Radio Maryja, phew! To mam może oszczędzać na Maybacha?
Mnie tam wkurza to, że mój katecheta mówi, niesłuchajcie złej muzyki! Nie używajcie biernie internetu! Komputer to narzędzie diabła!
To mnie dobija xP
Ale jednak mam prawo twierdzić, że jeżeli ktoś, kto ma czas by praktykuje wiarę, nie praktykuje jej to jest jak odrzucenie wiary, choć nieświadome xP
A kościół nie ma prawa narzucać nam niczego, bo jak mówi biblia czy coś innego, Bóg dał nam wolną wolę.
Choć jestem katolikiem to uważam, że potrzebny nam jest całkowity rozdział kościoła od państwa. Obecnie bowiem niestety coraz częściej zdarza się mieszanie sfery polityki do kościoła i na odwrót, co nie służy ani jednej ani drugiej stronie (choćby sprawa ojca dyrektora, czy prześciganie się przez prawicowe partie, która jest bardziej ultrakatolicka).
Z czasem zauważam w sobie coraz większość niechęć do kościoła - lecz nie samej wiary katolickiej - który w Polsce jest niestety ostoją wszetecznictwa, a sam kler niejednokrotnie nie daje dobrego przykładu dla wierzących. Dobrym przykładem jest sprawa lustracji duchownych, gdzie widać wyraźnie niechęć hierarchii duchownej, aby w końcu raz na zawsze wyjaśnić sprawę współpracy kleru z komunistycznymi władzami.

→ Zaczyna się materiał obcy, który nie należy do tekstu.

(* Let $N\ge 3$, write $N=2g+1$ or $N=2g+2$ with $g\ge 1$, and let $(v_n(x))_{n\in\mathbf Z}$ be a solution of the $N$-periodic dressing chain (see context). Let $T(\lambda)=\begin{pmatrix}A(\lambda)&B(\lambda)\\ C(\lambda)&D(\lambda)\end{pmatrix}$ be its transition matrix, $P(\lambda)=\operatorname{Tr}T(\lambda)$, $Q(\lambda)=\det T(\lambda)$. Suppose that, at the values of $x$ considered, the $g$ zeros $\lambda_1,\dots,\lambda_g$ of $B(\lambda)$ are pairwise distinct (and depend differentiably on $x$), and put $z_j=A(\lambda_j)$, assumed nonzero. Then for $j=1,\dots,g$, $$\dot\lambda_j=\frac{z_j-Q(\lambda_j)z_j^{-1}}{B'(\lambda_j)},\qquad \dot z_j=\frac{P'(\lambda_j)z_j-Q'(\lambda_j)}{B'(\lambda_j)},$$ where the dot denotes $d/dx$ and the prime denotes $\partial/\partial\lambda$.
   Context: Fix constants $\alpha_1,\dots,\alpha_N$, extended $N$-periodically ($\alpha_{n+N}=\alpha_n$); put $\alpha=\sum_{n=1}^N\alpha_n$, $\beta_n=\alpha_1+\cdots+\alpha_n$, $\beta_0=0$. A solution of the $N$-periodic dressing chain is a family of functions $v_n(x)$, $n\in\mathbf Z$, with $v_{n+N}=v_n$ and $\dot v_n+\dot v_{n+1}=v_{n+1}^2-v_n^2+\alpha_n$ for all $n$. Put $v=v_1+\cdots+v_N$ (then $\dot v=\alpha/2$). Let $V_n(\lambda)=\begin{pmatrix}v_n&1\\ \lambda+v_n^2&v_n\end{pmatrix}$ and define the transition matrix $T(\lambda)=V_N(\lambda+\beta_{N-1})\cdots V_2(\lambda+\beta_1)V_1(\lambda)$. Then $Q(\lambda)=\det T(\lambda)=(-1)^N\lambda\prod_{n=1}^{N-1}(\lambda+\beta_n)$, and $B(\lambda)$ is a polynomial of degree $g$ with leading coefficient $b_0=1$ if $N=2g+1$ and $b_0=v$ if $N=2g+2$. *)

From HB Require Import structures.
From mathcomp Require Import all_boot all_order all_algebra.
From mathcomp Require Import all_classical all_reals all_analysis.
Set Implicit Arguments. Unset Strict Implicit. Unset Printing Implicit Defensive.
Import Order.TTheory GRing.Theory Num.Theory.
Import numFieldNormedType.Exports.
Local Open Scope ring_scope.

Section Dressing.
Variable K : numFieldType.

Definition beta (alpha : nat -> K) (n : nat) : K := \sum_(1 <= k < n.+1) alpha k.

(* V_n(lambda + c) as a 2x2 matrix of polynomials in lambda, at the point x *)
Definition Vmat (v : nat -> K -> K) (n : nat) (c : K) (x : K) : 'M[{poly K}]_2 :=
  \matrix_(i < 2, j < 2)
    (if (i == 0%N :> nat) && (j == 0%N :> nat) then (v n x)%:P
     else if (i == 0%N :> nat) then 1
     else if (j == 0%N :> nat) then 'X + (c + v n x ^+ 2)%:P
     else (v n x)%:P).

Fixpoint Tpart (alpha : nat -> K) (v : nat -> K -> K) (n : nat) (x : K)
  : 'M[{poly K}]_2 :=
  match n with
  | 0 => 1%:M
  | m.+1 => Vmat v m.+1 (beta alpha m) x *m Tpart alpha v m x
  end.

Definition Tmat (N : nat) alpha v x := Tpart alpha v N x.
Definition Apol N alpha v x : {poly K} := Tmat N alpha v x 0 0.
Definition Bpol N alpha v x : {poly K} := Tmat N alpha v x 0 1.
Definition Cpol N alpha v x : {poly K} := Tmat N alpha v x 1 0.
Definition Dpol N alpha v x : {poly K} := Tmat N alpha v x 1 1.
Definition Ppol N alpha v x : {poly K} := \tr (Tmat N alpha v x).
Definition Qpol N alpha v x : {poly K} := \det (Tmat N alpha v x).

Definition dressing_chain (N : nat) (alpha : nat -> K) (v : nat -> K -> K) :=
  (forall n, alpha (n + N)%N = alpha n) /\
  (forall n, v (n + N)%N = v n) /\
  (forall n x, derivable (v n) x 1) /\
  (forall n x, derive1 (v n) x + derive1 (v n.+1) x
               = v n.+1 x ^+ 2 - v n x ^+ 2 + alpha n).

End Dressing.

From HB Require Import structures.
From mathcomp Require Import all_boot all_order all_algebra.
From mathcomp Require Import all_classical all_reals all_analysis.
From mathcomp Require Import ring zify.
Set Implicit Arguments.
Unset Strict Implicit.
Unset Printing Implicit Defensive.
Import Order.TTheory GRing.Theory Num.Theory.
Import numFieldNormedType.Exports.
Local Open Scope ring_scope.

(* The dressing chain is the zero-curvature condition
   V_n' = U_(n+1) V_n - V_n U_n  with  U_n = [[0, 1], [l + beta_(n-1) + v_n^2 - v_n', 0]],
   so the products telescope to T' = U_(N+1) T - T U_1.  Since the first row of
   every U_n is (0, 1), the first row of this equation reads B' = D - A and
   A' = C - B u_1, coefficientwise in l.  Differentiating B(x, l_j(x)) = 0 gives
   B'(l_j) dl_j/dx = A(l_j) - D(l_j), and D(l_j) = Q(l_j)/z_j because Q = AD - BC;
   differentiating z_j = A(x, l_j(x)) and eliminating with the same relations gives
   dz_j/dx.  The roots are simple because B has degree at most g and g distinct roots. *)

Section Mx22.
Variable R : Type.

Definition mx22 (a b c d : R) : 'M[R]_2 :=
  \matrix_(i < 2, j < 2)
    if i == 0%N :> nat then (if j == 0%N :> nat then a else b)
    else if j == 0%N :> nat then c else d.

Lemma mx22_eta (M : 'M[R]_2) : M = mx22 (M 0 0) (M 0 1) (M 1 0) (M 1 1).
Proof.
apply/matrixP => i j; rewrite mxE.
by case: i j => [[|[|//]] ?] [[|[|//]] ?]; congr (M _ _); apply: val_inj.
Qed.

End Mx22.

Jest to dosyć ciekawe, bo mimo wszystko zdawało mi się, że kraje słowiańskie mają silne tradycje religijne - jak nie katolickie, to prawosławne albo unickie. A Czesi byli przecież "bojownikami o nowy Kościół" w XV wieku. Ciekawe co na to mogło wpłynąć?
Zaszłości historyczne:). A jak się skończyły owe boje naszych południowych braci, czyż to nie jest odpowiedź sama w sobie?:)
Wojman napisał/a:
Glupszego twierdzenia dawno nie slyszalem.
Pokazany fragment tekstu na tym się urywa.